Vanguard 1 Transmitter
ID: 344465
Vanguard 1 Transmitter
24.Mar.14 00:32
12772
Ask a kid to draw a satellite, and he will draw a sphere with antennas that come out from all sides.
Vanguard 1 was the second satellite successfully launched by the US space program on March 17, 1958, following the launch of Sputnik I by the former USSR on October 4, 1957. Vanguard 1 was renamed "Grapefruit Satellite" for its dimensions: a little 6.4 inch sphere.
The first attempt to launch a Vanguard satellite on December 6, 1957 ended in a disaster: the rocket exploded on live TV on the launch pad. Vanguard TV-3 (Test Vehicle #3, now on display at the National Air and Space Museum) was thus renamed "flopnik", "kaputnik"...
Looking in books and on the net about how it was done the transmitter, I was able to read the various reports of NASA and, lately, also the almost complete series of Vanguard Project Reports available on DTIC.
I found a lot of information , but as it was built the transmitter, nothing.
Some wiring diagrams had already been published even in 1959 (see CQ, May 1959, semiconductors by W6TNS, page 70), together with the schematic diagram of the Explorer 1 beacon transmitter.
On the book "Exploring by Satellite: the story of Project Vanguard" of F.M.Branley (1957), I found an illustration of the iphotetical transmitter. With the benefit of hindsight, this corresponds to a prototype of one of the two transmitters aboard the Vanguard 1.
Satellite Telemetry Transmitter (drawing by H.K.Wimmer, 1957)

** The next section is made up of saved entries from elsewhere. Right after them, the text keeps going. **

Definition is_const_word (q n : nat) (c : nat) (w : word q n) : bool :=
  [forall i, nat_of_ord (tnth w i) == c].

From mathcomp Require Import all_boot zify.
Set Implicit Arguments. Unset Strict Implicit. Unset Printing Implicit Defensive.

(* A listing of Z_q^n with consecutive Lee distance 1 is a Hamiltonian path in
   the n-th Cartesian power of the q-cycle, and 0, q-1, ..., 2, 1 is such a path
   from 0 to 1 in Z_q.  If O and I are Hamiltonian paths of X and Y, running
   through O while traversing the columns {x} x Y alternately along I and its
   reverse (the "snake") is a Hamiltonian path of X x Y; it ends at the end of I
   when |O| is odd and at the start of I otherwise.
   For odd q, snaking the 0 -> 1 path of Z_q against a 0 -> 1 path of Z_q^n
   gives a 0 -> 1 path of Z_q^(n+1).  For even q every size is even and the
   snake cannot change the inner endpoint, so two coordinates are added at
   once: with P a 0 -> 1 path of Z_q^n (n odd), snake P minus its last vertex,
   of odd size q^n - 1, against a path of Z_q^2 from 00 to 10, then finish
   with the column {1} x Z_q^2 along a path from 10 to 11. *)

Lemma head_rev (T : Type) (x : T) s : head x (rev s) = last x s.
Proof. by case/lastP: s => // s y; rewrite rev_rcons last_rcons. Qed.

Lemma last_rev (T : Type) (x : T) s : last x (rev s) = head x s.
Proof. by case: s => // y s; rewrite rev_cons last_rcons. Qed.

Lemma sorted_cat_adj (T : eqType) (e : rel T) z s1 s2 :
  s1 != [::] -> s2 != [::] ->
  sorted e s1 -> sorted e s2 -> e (last z s1) (head z s2) -> sorted e (s1 ++ s2).
Proof.
by case: s1 => // x s1 _; case: s2 => //= y s2 _; rewrite cat_path /= => -> -> ->.
Qed.

Lemma mem_map_pair (X Y : eqType) (x' : X) (I : seq Y) x y :
  ((x, y) \in map (pair x') I) = (x == x') && (y \in I).
Proof.
apply/mapP/andP => [[y' y'I [-> ->]] | [/eqP -> yI]]; first by rewrite eqxx.
by exists y.
Qed.

Definition ham_path (T : finType) (e : rel T) (s : seq T) (a b : T) :=
  [/\ sorted e s, uniq s, (forall x, x \in s), head a s = a & last a s = b].

Section HamPath.
Variables (T : finType) (e : rel T).
Implicit Types (s : seq T) (a b : T).

Lemma ham_path_head s a b : ham_path e s a b -> s = a :: behead s.
Proof. by case: s => [[_ _ /(_ a)] // | x s [_ _ _ /= ->]]. Qed.

Lemma ham_path_size s a b : ham_path e s a b -> size s = #|T|.
Proof.
by case=> _ /card_uniqP <- cover _ _; apply: eq_card => x; rewrite cover.
Qed.

Lemma uniq_cover_size s : (forall x, x \in s) -> size s = #|T| -> uniq s.
Proof.
move=> cover size_s; apply/card_uniqP; rewrite size_s.
by apply: eq_card => x; rewrite cover.
Qed.

Lemma ham_path_rev s a b : symmetric e -> ham_path e s a b -> ham_path e (rev s) b a.
Proof.
move=> e_sym; case: s => [/ham_path_head // | x s] [s_sorted s_uniq cover /= <- s_last].
split; rewrite ?head_rev ?last_rev //.
- by rewrite rev_sorted; apply: sub_sorted s_sorted => y z; rewrite e_sym.
- by rewrite rev_uniq.
- by move=> y; rewrite mem_rev.
Qed.

Lemma ham_path_map (U : finType) (e' : rel U) (f : T -> U) s a b :
  injective f -> #|U| <= #|T| -> {homo f : x y / e x y >-> e' x y} ->
  ham_path e s a b -> ham_path e' (map f s) (f a) (f b).
Proof.
move=> f_inj card_U f_homo [s_sorted s_uniq cover s_head s_last]; split.
- by rewrite sorted_map; apply: sub_sorted s_sorted.
- by rewrite map_inj_uniq.
- by move=> y; have /codomP[x ->] := inj_card_onto f_inj card_U y; rewrite mem_map.
- by case: s s_head {s_sorted s_uniq cover s_last} => //= x s ->.
- by rewrite last_map s_last.
Qed.

End HamPath.

Section CartesianProduct.
Variables (X Y : finType) (eX : rel X) (eY : rel Y).

Definition prod_adj : rel (X * Y) := fun u v =>
  eX u.1 v.1 && (u.2 == v.2) || (u.1 == v.1) && eY u.2 v.2.

Lemma sorted_map_pair x I : sorted eY I -> sorted prod_adj (map (pair x) I).
Proof.
by rewrite sorted_map; apply: sub_sorted => y z yz; rewrite /prod_adj /= eqxx yz orbT.
Qed.

Fixpoint snake (O : seq X) (I : seq Y) : seq (X * Y) :=
  if O is x :: O' then map (pair x) I ++ snake O' (rev I) else [::].

Lemma snake_cons x O I : snake (x :: O) I = map (pair x) I ++ snake O (rev I).
Proof. by []. Qed.

Lemma mem_snake O I x y : ((x, y) \in snake O I) = (x \in O) && (y \in I).
Proof.
elim: O I => [|x' O IH] I //=.
by rewrite mem_cat IH mem_rev in_cons mem_map_pair andb_orl.
Qed.

Lemma uniq_snake O I : uniq O -> uniq I -> uniq (snake O I).
Proof.
elim: O I => [|x O IH] I //= /andP[xO O_uniq] I_uniq.
rewrite cat_uniq IH ?rev_uniq // map_inj_uniq ?I_uniq; last by move=> y z [].
rewrite andbT /=; apply/hasPn => -[x' y]; rewrite mem_snake => /andP[x'O _].
by rewrite mem_map_pair; apply: contraNN xO => /andP[/eqP <-].
Qed.

Lemma snake_nil O I : O != [::] -> I != [::] -> snake O I != [::].
Proof. by case: O => // x O _; case: I. Qed.

Lemma head_snake O I u : O != [::] -> I != [::] ->
  head u (snake O I) = (head u.1 O, head u.2 I).
Proof. by case: O => // x O _; case: I. Qed.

One of the two transmitters operated with a single Western Electric GF-45011 transistor with an output power of 5 mW and was powered by solar cells. Total power delivered by the solar array was about 1 watt, and the system worked without failures for over six years.
The crystal of this transmitter was mounted in direct contact with the skin of the satellite, with the purpose to determine the external temperature as a function of the transmitted frequency. As an example, this is the graph which illustrates the frequency variations due to the crystal temperature of the transmitter of satellite TV-4 (Test Vehicle #4).
Frequency-temperature characteristic of TV-4 transmitter
(Vanguard Project Report no.21, pag.3, 1957)
After additional extensive research, and exploring image by image one of the numerous books found on the web which referenced the Vanguard 1, I found in an inset of a photo what they called "Vanguard satellite continuous-wave transmitter and telemetry payload".
Vanguard satellite continuous-wave transmitter and telemetry payload
(GPS Timeline and Bibliography, 2009 - Naval Research Laboratory
NRL/MR/1001-09-8988, page 18)
Finally! I quickly realized that this was the photo of the transmitter so that I had tried. The image, though small, was very detailed. You notice the crystal (thermally isolated), the transistor Western Electric GA-53233 with its socket, the coil, the tuning capacitor, and the various other components, all according to the schematics already known for some time. Output power was in the order of 10 mW at the nominal frequency of 108 MHz.
This circuit diagram was near equivalent to the oscillator stage of the 80 mW, 2-transistors telemetry transmitter designed for the Vanguard 2. This is the original drawing (oscillator section), with detailed notes on how to wound the coils. Copy quality of the original documentation is very low.
Oscillator section of the "Modified Minitrack satellite telemetering transmitter circuit"
(Project Vanguard Report no.15, 1957, pag.11)
Some details on the transistors used in these transmitters. Jack Ward, curator of the Semiconductor Museum published an interesting note on the early Western Electric transistors used in the first US satellites. I wrote to him, sending in the image of the tiny transmitter. He was very interested and will update as soon as possible his article.
Some radioamateurs are designing replicas of the Vanguard transmitters. All references and many other informations can be found on the blog of M.J.Rainey, on the section dedicated to the Vanguard transmitters.